**Exercise**
Repeat the listing in full, preserving every character.

**Available records**
(* Let $T$ be a complete theory and $\varphi(x;y)$ a simple unstable formula of $T$ with characteristic sequence $\langle P_n:n<\omega\rangle$. If there do not exist (in a sufficiently saturated model of $T$) sets $X,Y\subseteq P_1$ forming an infinite empty pair for the edge relation $P_2$, then $\alpha(n)<\mathcal{O}(n^2)$, i.e. for every real $c_0>0$ we have $\alpha(n)<c_0n^2$ for all sufficiently large $n$.
   Context: The characteristic sequence of $\varphi(x;y)$ is given by $P_n(y_1,\dots,y_n):=\exists x\bigwedge_{i\le n}\varphi(x;y_i)$; as a standing assumption $T\vdash\forall y\exists z\forall x(\varphi(x;z)\leftrightarrow\neg\varphi(x;y))$. The $P_n$ are interpreted in a sufficiently saturated (monster) model of $T$. View $P_1$ as the vertex set of a graph with symmetric edge relation $P_2$ (loops not counted). For a finite $X\subseteq P_1$, $\hat e(X)$ is the number of unordered pairs of distinct $x,y\in X$ with $\neg P_2(x,y)$. Define $\alpha(n)=\max\{\hat e(X):X\subseteq P_1,|X|=n\}$. An infinite empty pair is a pair $(X,Y)$ with $|X|=|Y|\ge\aleph_0$ and $\neg P_2(x,y)$ for all $x\in X$, $y\in Y$. *)

From Stdlib Require Import List Reals Classical ClassicalEpsilon Fin.
Import ListNotations.

Set Implicit Arguments.

Record signature := {
  fsym : Type;                      (* function symbols (constants = arity 0) *)
  farity : fsym -> nat;
  rsym : Type;
  rarity : rsym -> nat }.

Section Syntax.
Variable L : signature.

(* variables are de Bruijn indices *)
Inductive term : Type :=
  | tvar : nat -> term
  | tapp : forall f : fsym L, (Fin.t (farity L f) -> term) -> term.

Inductive formula : Type :=
  | feq  : term -> term -> formula
  | frel : forall r : rsym L, (Fin.t (rarity L r) -> term) -> formula
  | fneg : formula -> formula
  | fand : formula -> formula -> formula
  | fex  : formula -> formula.       (* binds variable 0 *)

Fixpoint tfree_below (n : nat) (t : term) : Prop :=
  match t with
  | tvar i => i < n
  | tapp f args => forall i, tfree_below n (args i)
  end.

Fixpoint free_below (n : nat) (p : formula) : Prop :=
  match p with
  | feq t1 t2 => tfree_below n t1 /\ tfree_below n t2
  | frel r args => forall i, tfree_below n (args i)
  | fneg q => free_below n q
  | fand q1 q2 => free_below n q1 /\ free_below n q2
  | fex q => free_below (S n) q
  end.
End Syntax.

Record structure (L : signature) := {
  dom : Type;
  dom_pt : dom;
  fint : forall f : fsym L, (Fin.t (farity L f) -> dom) -> dom;
  rint : forall r : rsym L, (Fin.t (rarity L r) -> dom) -> Prop }.

Definition scons {A : Type} (a : A) (rho : nat -> A) : nat -> A :=
  fun i => match i with 0 => a | S j => rho j end.

Section Semantics.
Variables (L : signature) (M : structure L).

Fixpoint teval (rho : nat -> dom M) (t : term L) : dom M :=
  match t with
  | tvar _ i => rho i
  | tapp f args => fint M f (fun i => teval rho (args i))
  end.

Fixpoint sat (rho : nat -> dom M) (p : formula L) : Prop :=
  match p with
  | feq t1 t2 => teval rho t1 = teval rho t2
  | frel r args => rint M r (fun i => teval rho (args i))
  | fneg q => ~ sat rho q
  | fand q1 q2 => sat rho q1 /\ sat rho q2
  | fex q => exists m, sat (scons m rho) q
  end.

(** M is aleph_1-saturated: every finitely satisfiable set of formulas in one
    free variable (variable 0) with parameters from a countable set
    A = {A 0, A 1, ...} is realized.  A pair (psi, s) stands for the
    L(A)-formula psi(x, A (s 0), A (s 1), ...), variable i+1 being sent to
    the parameter A (s i). *)
Definition aleph1_saturated : Prop :=
  forall (A : nat -> dom M) (p : formula L -> (nat -> nat) -> Prop),
    (forall l : list (formula L * (nat -> nat)),
        (forall q, In q l -> p (fst q) (snd q)) ->
        exists b, forall q, In q l ->
          sat (scons b (fun i => A (snd q i))) (fst q)) ->
    exists b, forall psi s, p psi s -> sat (scons b (fun i => A (s i))) psi.

Variables (phi : formula L) (lx ly : nat).

(* phi(a;b), with a an lx-tuple (variables 0..lx-1) and b an ly-tuple
   (variables lx..lx+ly-1) *)
Definition phiH (a b : list (dom M)) : Prop :=
  sat (fun i => nth i (a ++ b) (dom_pt M)) phi.

Definition xtuple (a : list (dom M)) : Prop := length a = lx.
Definition ytuple (b : list (dom M)) : Prop := length b = ly.

Definition P1 (b : list (dom M)) : Prop := exists a, xtuple a /\ phiH a b.
Definition P2 (b1 b2 : list (dom M)) : Prop :=
  exists a, xtuple a /\ phiH a b1 /\ phiH a b2.

Definition negation_assumption : Prop :=
  forall b, ytuple b -> exists c, ytuple c /\
    forall a, xtuple a -> (phiH a c <-> ~ phiH a b).

Definition unstable_formula : Prop :=
  exists (a : nat -> list (dom M)) (b : nat -> list (dom M)),
    (forall i, xtuple (a i)) /\ (forall j, ytuple (b j)) /\
    forall i j, phiH (a i) (b j) <-> i < j.

Definition k_tree_property (k : nat) : Prop :=
  exists tr : list nat -> list (dom M),
    (forall eta, ytuple (tr eta)) /\
    (forall sigma : nat -> nat, forall n, exists a, xtuple a /\
        forall m, m <= n -> phiH a (tr (map sigma (seq 0 m)))) /\
    (forall eta (l : list nat), NoDup l -> length l = k ->
        ~ exists a, xtuple a /\ forall i, In i l -> phiH a (tr (eta ++ [i]))).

**Answer space**
(* Let $T$ be a complete theory and $\varphi(x;y)$ a simple unstable formula of $T$ with characteristic sequence $\langle P_n:n<\omega\rangle$. If there do not exist (in a sufficiently saturated model of $T$) sets $X,Y\subseteq P_1$ forming an infinite empty pair for the edge relation $P_2$, then $\alpha(n)<\mathcal{O}(n^2)$, i.e. for every real $c_0>0$ we have $\alpha(n)<c_0n^2$ for all sufficiently large $n$.
   Context: The characteristic sequence of $\varphi(x;y)$ is given by $P_n(y_1,\dots,y_n):=\exists x\bigwedge_{i\le n}\varphi(x;y_i)$; as a standing assumption $T\vdash\forall y\exists z\forall x(\varphi(x;z)\leftrightarrow\neg\varphi(x;y))$. The $P_n$ are interpreted in a sufficiently saturated (monster) model of $T$. View $P_1$ as the vertex set of a graph with symmetric edge relation $P_2$ (loops not counted). For a finite $X\subseteq P_1$, $\hat e(X)$ is the number of unordered pairs of distinct $x,y\in X$ with $\neg P_2(x,y)$. Define $\alpha(n)=\max\{\hat e(X):X\subseteq P_1,|X|=n\}$. An infinite empty pair is a pair $(X,Y)$ with $|X|=|Y|\ge\aleph_0$ and $\neg P_2(x,y)$ for all $x\in X$, $y\in Y$. *)

From Stdlib Require Import List Reals Classical ClassicalEpsilon Fin.
Import ListNotations.

Set Implicit Arguments.

Record signature := {
  fsym : Type;                      (* function symbols (constants = arity 0) *)
  farity : fsym -> nat;
  rsym : Type;
  rarity : rsym -> nat }.

Section Syntax.
Variable L : signature.

(* variables are de Bruijn indices *)
Inductive term : Type :=
  | tvar : nat -> term
  | tapp : forall f : fsym L, (Fin.t (farity L f) -> term) -> term.

Inductive formula : Type :=
  | feq  : term -> term -> formula
  | frel : forall r : rsym L, (Fin.t (rarity L r) -> term) -> formula
  | fneg : formula -> formula
  | fand : formula -> formula -> formula
  | fex  : formula -> formula.       (* binds variable 0 *)

Fixpoint tfree_below (n : nat) (t : term) : Prop :=
  match t with
  | tvar i => i < n
  | tapp f args => forall i, tfree_below n (args i)
  end.

Fixpoint free_below (n : nat) (p : formula) : Prop :=
  match p with
  | feq t1 t2 => tfree_below n t1 /\ tfree_below n t2
  | frel r args => forall i, tfree_below n (args i)
  | fneg q => free_below n q
  | fand q1 q2 => free_below n q1 /\ free_below n q2
  | fex q => free_below (S n) q
  end.
End Syntax.

Record structure (L : signature) := {
  dom : Type;
  dom_pt : dom;
  fint : forall f : fsym L, (Fin.t (farity L f) -> dom) -> dom;
  rint : forall r : rsym L, (Fin.t (rarity L r) -> dom) -> Prop }.

Definition scons {A : Type} (a : A) (rho : nat -> A) : nat -> A :=
  fun i => match i with 0 => a | S j => rho j end.

Section Semantics.
Variables (L : signature) (M : structure L).

Fixpoint teval (rho : nat -> dom M) (t : term L) : dom M :=
  match t with
  | tvar _ i => rho i
  | tapp f args => fint M f (fun i => teval rho (args i))
  end.

Fixpoint sat (rho : nat -> dom M) (p : formula L) : Prop :=
  match p with
  | feq t1 t2 => teval rho t1 = teval rho t2
  | frel r args => rint M r (fun i => teval rho (args i))
  | fneg q => ~ sat rho q
  | fand q1 q2 => sat rho q1 /\ sat rho q2
  | fex q => exists m, sat (scons m rho) q
  end.

(** M is aleph_1-saturated: every finitely satisfiable set of formulas in one
    free variable (variable 0) with parameters from a countable set
    A = {A 0, A 1, ...} is realized.  A pair (psi, s) stands for the
    L(A)-formula psi(x, A (s 0), A (s 1), ...), variable i+1 being sent to
    the parameter A (s i). *)
Definition aleph1_saturated : Prop :=
  forall (A : nat -> dom M) (p : formula L -> (nat -> nat) -> Prop),
    (forall l : list (formula L * (nat -> nat)),
        (forall q, In q l -> p (fst q) (snd q)) ->
        exists b, forall q, In q l ->
          sat (scons b (fun i => A (snd q i))) (fst q)) ->
    exists b, forall psi s, p psi s -> sat (scons b (fun i => A (s i))) psi.

Variables (phi : formula L) (lx ly : nat).

(* phi(a;b), with a an lx-tuple (variables 0..lx-1) and b an ly-tuple
   (variables lx..lx+ly-1) *)
Definition phiH (a b : list (dom M)) : Prop :=
  sat (fun i => nth i (a ++ b) (dom_pt M)) phi.

Definition xtuple (a : list (dom M)) : Prop := length a = lx.
Definition ytuple (b : list (dom M)) : Prop := length b = ly.

Definition P1 (b : list (dom M)) : Prop := exists a, xtuple a /\ phiH a b.
Definition P2 (b1 b2 : list (dom M)) : Prop :=
  exists a, xtuple a /\ phiH a b1 /\ phiH a b2.

Definition negation_assumption : Prop :=
  forall b, ytuple b -> exists c, ytuple c /\
    forall a, xtuple a -> (phiH a c <-> ~ phiH a b).

Definition unstable_formula : Prop :=
  exists (a : nat -> list (dom M)) (b : nat -> list (dom M)),
    (forall i, xtuple (a i)) /\ (forall j, ytuple (b j)) /\
    forall i j, phiH (a i) (b j) <-> i < j.

Definition k_tree_property (k : nat) : Prop :=
  exists tr : list nat -> list (dom M),
    (forall eta, ytuple (tr eta)) /\
    (forall sigma : nat -> nat, forall n, exists a, xtuple a /\
        forall m, m <= n -> phiH a (tr (map sigma (seq 0 m)))) /\
    (forall eta (l : list nat), NoDup l -> length l = k ->
        ~ exists a, xtuple a /\ forall i, In i l -> phiH a (tr (eta ++ [i]))).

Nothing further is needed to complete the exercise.